航天推进技术研究院主办
GUO Pan,WEI Yanming,ZHOU Cheng.Effects of the intensity of applied magnetic field impacted on AF-MPDT performance operated at low power[J].Journal of Rocket Propulsion,2019,45(02):44-52.
附加场强度对低工况AF-MPDT性能的影响
- Title:
- Effects of the intensity of applied magnetic field impacted on AF-MPDT performance operated at low power
- 文章编号:
- 1672-9374(2019)02-0044-09
- 关键词:
- 磁等离子体动力推力器; 附加磁场强度; 投靶法; 性能
- 分类号:
- V439.4
- 文献标志码:
- A
- 摘要:
- 附加磁场强度与位形是大功率磁等离子体动力推力器(Applied Field Magnetoplasmadynamic Thruster, AF-MPDT)重要工作参数之一。

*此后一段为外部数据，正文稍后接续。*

Lemma parts_integral_pw_bound (M : R -> R) (r : R) : 0 < r < 1 ->
  (forall t, continuous M t) ->
  (forall t, 0 <= t <= 1 -> 0 <= M t /\
     geo_path a b t ^ 3 * Rabs (f' (geo_path a b t)) <= pw (M t) r) ->
  Rabs ((b ^ 2 * f b - a ^ 2 * f a) / 2 - RInt (fun s => s * f s) a b)
    <= (ln b - ln a) / 2 * pw (RInt M 0 1) r.
Proof.
  intros Hr HMc HM.
  set (K := (ln b - ln a) / 2).
  assert (HK : 0 < K) by (assert (ln a < ln b) by (apply ln_increasing; lra); unfold K; lra).
  assert (HMint : forall t, ex_RInt M 0 t)
    by (intros t; apply (ex_RInt_continuous (V := R_CompleteNormedModule)); auto).
  apply le_pw_of_tangent_bounds; [exact HK| |exact Hr|].
  { apply RInt_ge_0; [lra|auto|]. intros t Ht. apply HM. lra. }
  intros u Hu.
  set (c1 := r * Rpower u (r - 1)). set (c2 := (1 - r) * Rpower u r).
  set (X := geo_path a b).
  set (Phi t := X t ^ 2 * f (X t) / 2 - RInt (fun s => s * f s) a (X t)).
  set (Psi t := K * (c1 * RInt M 0 t + c2 * t)).
  replace ((b ^ 2 * f b - a ^ 2 * f a) / 2 - RInt (fun s => s * f s) a b)
    with (Phi 1 - Phi 0).
  2:{ unfold Phi, X. rewrite geo_path_0, geo_path_1, RInt_point by lra.
      unfold zero; simpl. field. }
  replace (K * (c1 * RInt M 0 1 + c2)) with (Psi 1 - Psi 0).
  2:{ unfold Psi. rewrite RInt_point. unfold zero, c2; simpl. ring. }
  apply (Rabs_sub_le_of_derive_le Phi Psi
           (fun t => K * (X t ^ 3 * f' (X t))) (fun t => K * (c1 * M t + c2)));
    [lra| intros t Ht; apply is_derive_Reals..|].
  - replace (K * (X t ^ 3 * f' (X t)))
      with (scal ((ln b - ln a) * X t) (X t ^ 2 * f' (X t) / 2))
      by (unfold scal, K; simpl; unfold mult; simpl; field).
    apply (is_derive_comp (fun x => x ^ 2 * f x / 2 - RInt (fun s => s * f s) a x) X).
    + apply is_derive_parts_primitive, geo_path_gt0.
    + apply is_derive_geo_path.
  - unfold Psi. auto_derive.
    + split; [apply HMint|]. split; [|exact I].
      apply filter_forall. intros y. apply continuity_pt_filterlim, HMc.
    + ring.
  - intros t Ht. destruct (HM t Ht) as [HM0 Hbound].
    assert (HX : 0 < X t) by apply geo_path_gt0.
    rewrite !Rabs_mult, (Rabs_pos_eq K), (Rabs_pos_eq (X t ^ 3)) by (try apply pow_le; lra).
    apply Rmult_le_compat_l; [lra|].
    apply Rle_trans with (1 := Hbound), pw_le_tangent; lra.
Qed.

End IntegrationByParts.

Theorem theorem3p3
  (f f' : R -> R) (a b alpha m q : R)
  (Hdiff : diff_on_nonneg f f')
  (Ha : 0 < a) (Hab : a < b)
  (Halpha : 0 < alpha <= 1) (Hm : 0 < m <= 1) (Hq : 1 < q)
  (Hconv : ga_convex alpha m (Rmax (Rpower a (1 / m)) b)
             (fun x => pw (Rabs (f' x)) q))
  (prG : Riemann_integrable (G_integrand a b alpha (3 * q)) 0 1)
  (prI : Riemann_integrable (fun x => x * f x) a b) :
  let G := RiemannInt prG in
  Rabs ((b ^ 2 * f b - a ^ 2 * f a) / 2 - RiemannInt prI)
  <= (ln b - ln a) / 2 *
     pw (m * (logmean (Rpower a (3 * q)) (Rpower b (3 * q)) - G)
           * pw (Rabs (f' (Rpower a (1 / m)))) q
         + G * pw (Rabs (f' b)) q) (1 / q).
Proof.
  intros G. destruct Hdiff as [_ Hf].
  assert (HG : is_RInt (G_integrand a b alpha (3 * q)) 0 1 G).
  { unfold G. rewrite <- RInt_Reals.
    apply (RInt_correct (V := R_CompleteNormedModule)), ex_RInt_Reals_1, prG. }
  rewrite <- (RInt_Reals _ _ _ prI),
    <- (is_RInt_unique _ _ _ _ (is_RInt_ga_majorant a b alpha m Ha Hab (3 * q)
          (pw (Rabs (f' (Rpower a (1 / m)))) q) (pw (Rabs (f' b)) q) G ltac:(lra) HG)).
  apply (parts_integral_pw_bound f f'); [exact Hf|lra|lra| | |].
  - split; [apply Rdiv_lt_0_compat; lra|].
    apply (Rmult_lt_reg_r q); [lra|]. unfold Rdiv. rewrite Rmult_assoc, Rinv_l; lra.
  - intros t. apply continuous_ga_majorant; lra.
  - intros t Ht. apply ga_convex_majorant_bound with (c := Rmax (Rpower a (1 / m)) b);
      auto using Rmax_l, Rmax_r; lra.
Qed.
(* Let $G$ be a compact group with identity $e$, let $A \subset G$ with $A = A^{-1}$ and $e \in A$, and let $\pi_0 = 1, \pi_1, \dots, \pi_m$ be pairwise distinct (non-isomorphic) irreducible unitary representations of $G$, realized as matrix-valued maps $\pi_i : G \to U(\dim \pi_i)$, with $\pi_0$ the trivial representation. Define \[ B_{\{1,\pi_1,\dots,\pi_m\}}(G,A) = \inf\Big\{ 1 + \sum_{i=1}^m \mathrm{tr}(\bm X_i) \;:\; \bm X_i \in \mathcal{S}^+_{\dim(\pi_i)} \text{ for } i \in [m],\; 1 + \sum_{i=1}^m \mathrm{tr}(\pi_i(g)\bm X_i^\top) \leq 0 \text{ for all } g \in A^c \Big\}, \] where $\mathcal{S}^+_\ell$ is the cone of $\ell \times \ell$ complex positive semidefinite matrices. If $\mu$ is a probability measure on $G$ with $\mathrm{supp}(\mu) \subseteq \overline{A^c}$ and $c > 0$ is such that $\widehat{\mu}(\pi_i) = \int \pi_i(g)\, d\mu(g) \succeq -c \bm I$ for all $i \in [m]$, then \[ B_{\{1,\pi_1,\dots,\pi_m\}}(G,A) \geq 1 + \frac{1}{c}. \]
   Context: $A^c$ denotes the complement of $A$ in $G$ and $\overline{A^c}$ its closure; $\succeq$ is the positive semidefinite order; $[m] = \{1,\dots,m\}$. *)

From HB Require Import structures.
From mathcomp Require Import all_boot all_order all_algebra.
From mathcomp Require Import all_classical all_reals all_analysis.
From mathcomp.real_closed Require Import complex.
Set Implicit Arguments. Unset Strict Implicit. Unset Printing Implicit Defensive.
Import Order.TTheory GRing.Theory Num.Theory numFieldNormedType.Exports.
Local Open Scope ring_scope.
Local Open Scope classical_set_scope.

Definition compact_group (T : ptopologicalType) (mul : T -> T -> T)
    (inv : T -> T) (e : T) : Prop :=
  [/\ (forall x y z, mul x (mul y z) = mul (mul x y) z),
      (forall x, mul e x = x /\ mul x e = x) &
      (forall x, mul (inv x) x = e /\ mul x (inv x) = e)] /\
  [/\ continuous (fun p : T * T => mul p.1 p.2),
      continuous inv,
      hausdorff_space T &
      compact [set: T]].

Definition borel_of (T : ptopologicalType) := g_sigma_algebraType (@open T).

Definition msupport (R : realType) (T : ptopologicalType)
    (mu : set (borel_of T) -> \bar R) : set T :=
  [set x : T | forall U : set T, open U -> U x -> (0 < mu U)%E].

Definition adjmx (R : rcfType) (n p : nat) (M : 'M[R[i]]_(n, p)) : 'M[R[i]]_(p, n) :=
  (map_mx (@conjc R) M)^T.

Definition psd (R : rcfType) (n : nat) (M : 'M[R[i]]_n) : Prop :=
  adjmx M = M /\ forall v : 'rV[R[i]]_n, 0 <= (v *m M *m adjmx v) 0 0.

Definition unitary_rep (R : realType) (T : ptopologicalType) (mul : T -> T -> T)
    (n : nat) (p : T -> 'M[R[i]]_n) : Prop :=
  [/\ (forall g h, p (mul g h) = p g *m p h),
      (forall g, p g *m adjmx (p g) = 1%:M) &
      (forall j k, continuous (fun g : T => (complex.Re (p g j k) : R)) /\
                   continuous (fun g : T => (complex.Im (p g j k) : R)))].

Definition irreducible_rep (R : realType) (T : ptopologicalType) (n : nat)
    (p : T -> 'M[R[i]]_n) : Prop :=
  (0 < n)%N /\
  forall U : 'M[R[i]]_n, (forall g, (U *m p g <= U)%MS) -> (U == (0 : 'M[R[i]]_n))%MS || (U == (1%:M : 'M[R[i]]_n))%MS.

为验证附加磁场强度对低工况下AF-MPDT性能的影响,采用北京控制工程研究所联合北京航空航天大学研制的100 kW级AF-MPDT原理样机,利用推力靶测量系统进行高温震动环境下的推力测量,针对不同附加磁场强度(30~230 mT)下的推力器开展中低功率性能研究实验。实验结果表明,在一定范围内,增加磁场强度可提升低工况下推力器推力、比冲、放电电压及效率等性能指标,并且放电电流越大,性能提升效果越明显。分析表明,低工况下AF-MPDT推力、比冲与磁场强度的平方根呈线性关系; 推力器放电电压与磁场强度呈线性关系; 推力器效率随磁场强度增强而增加,最终达到相应工况下的极限。
- Abstract:
- Intensity and profile of applied magnetic field are working parameters of great significance for the applied field magnetoplasmadynamic thruster(AF-MPDT).A 100 kW AF-MPDT principle prototype developed by Beijing Institute of Control Engineering and Beihang University was used to estimate the performance of MPDT under medium power with applied magnetic field varied from 30 mT to 230 mT.A target thrust measurement method under high temperature and vibrating environment was applied.The test results show that within a certain range,increasing the intensity of applied magnetic field could improve the thrust,impulse,discharge voltage and efficiency of AF-MPDT under low power.Besides, the performance improvement of AF-MPDT is more obviouse under higher discharge current.Further analysis shows that when the AF-MPDT was operated under low power, thrust and impulse are proportional to the square root for intensity of magnetic field; discharge voltage is proportional to intensity of magnetic field; efficiency increases with intensity of magnetic field but finally reaches the up limit under the corresponding working condition.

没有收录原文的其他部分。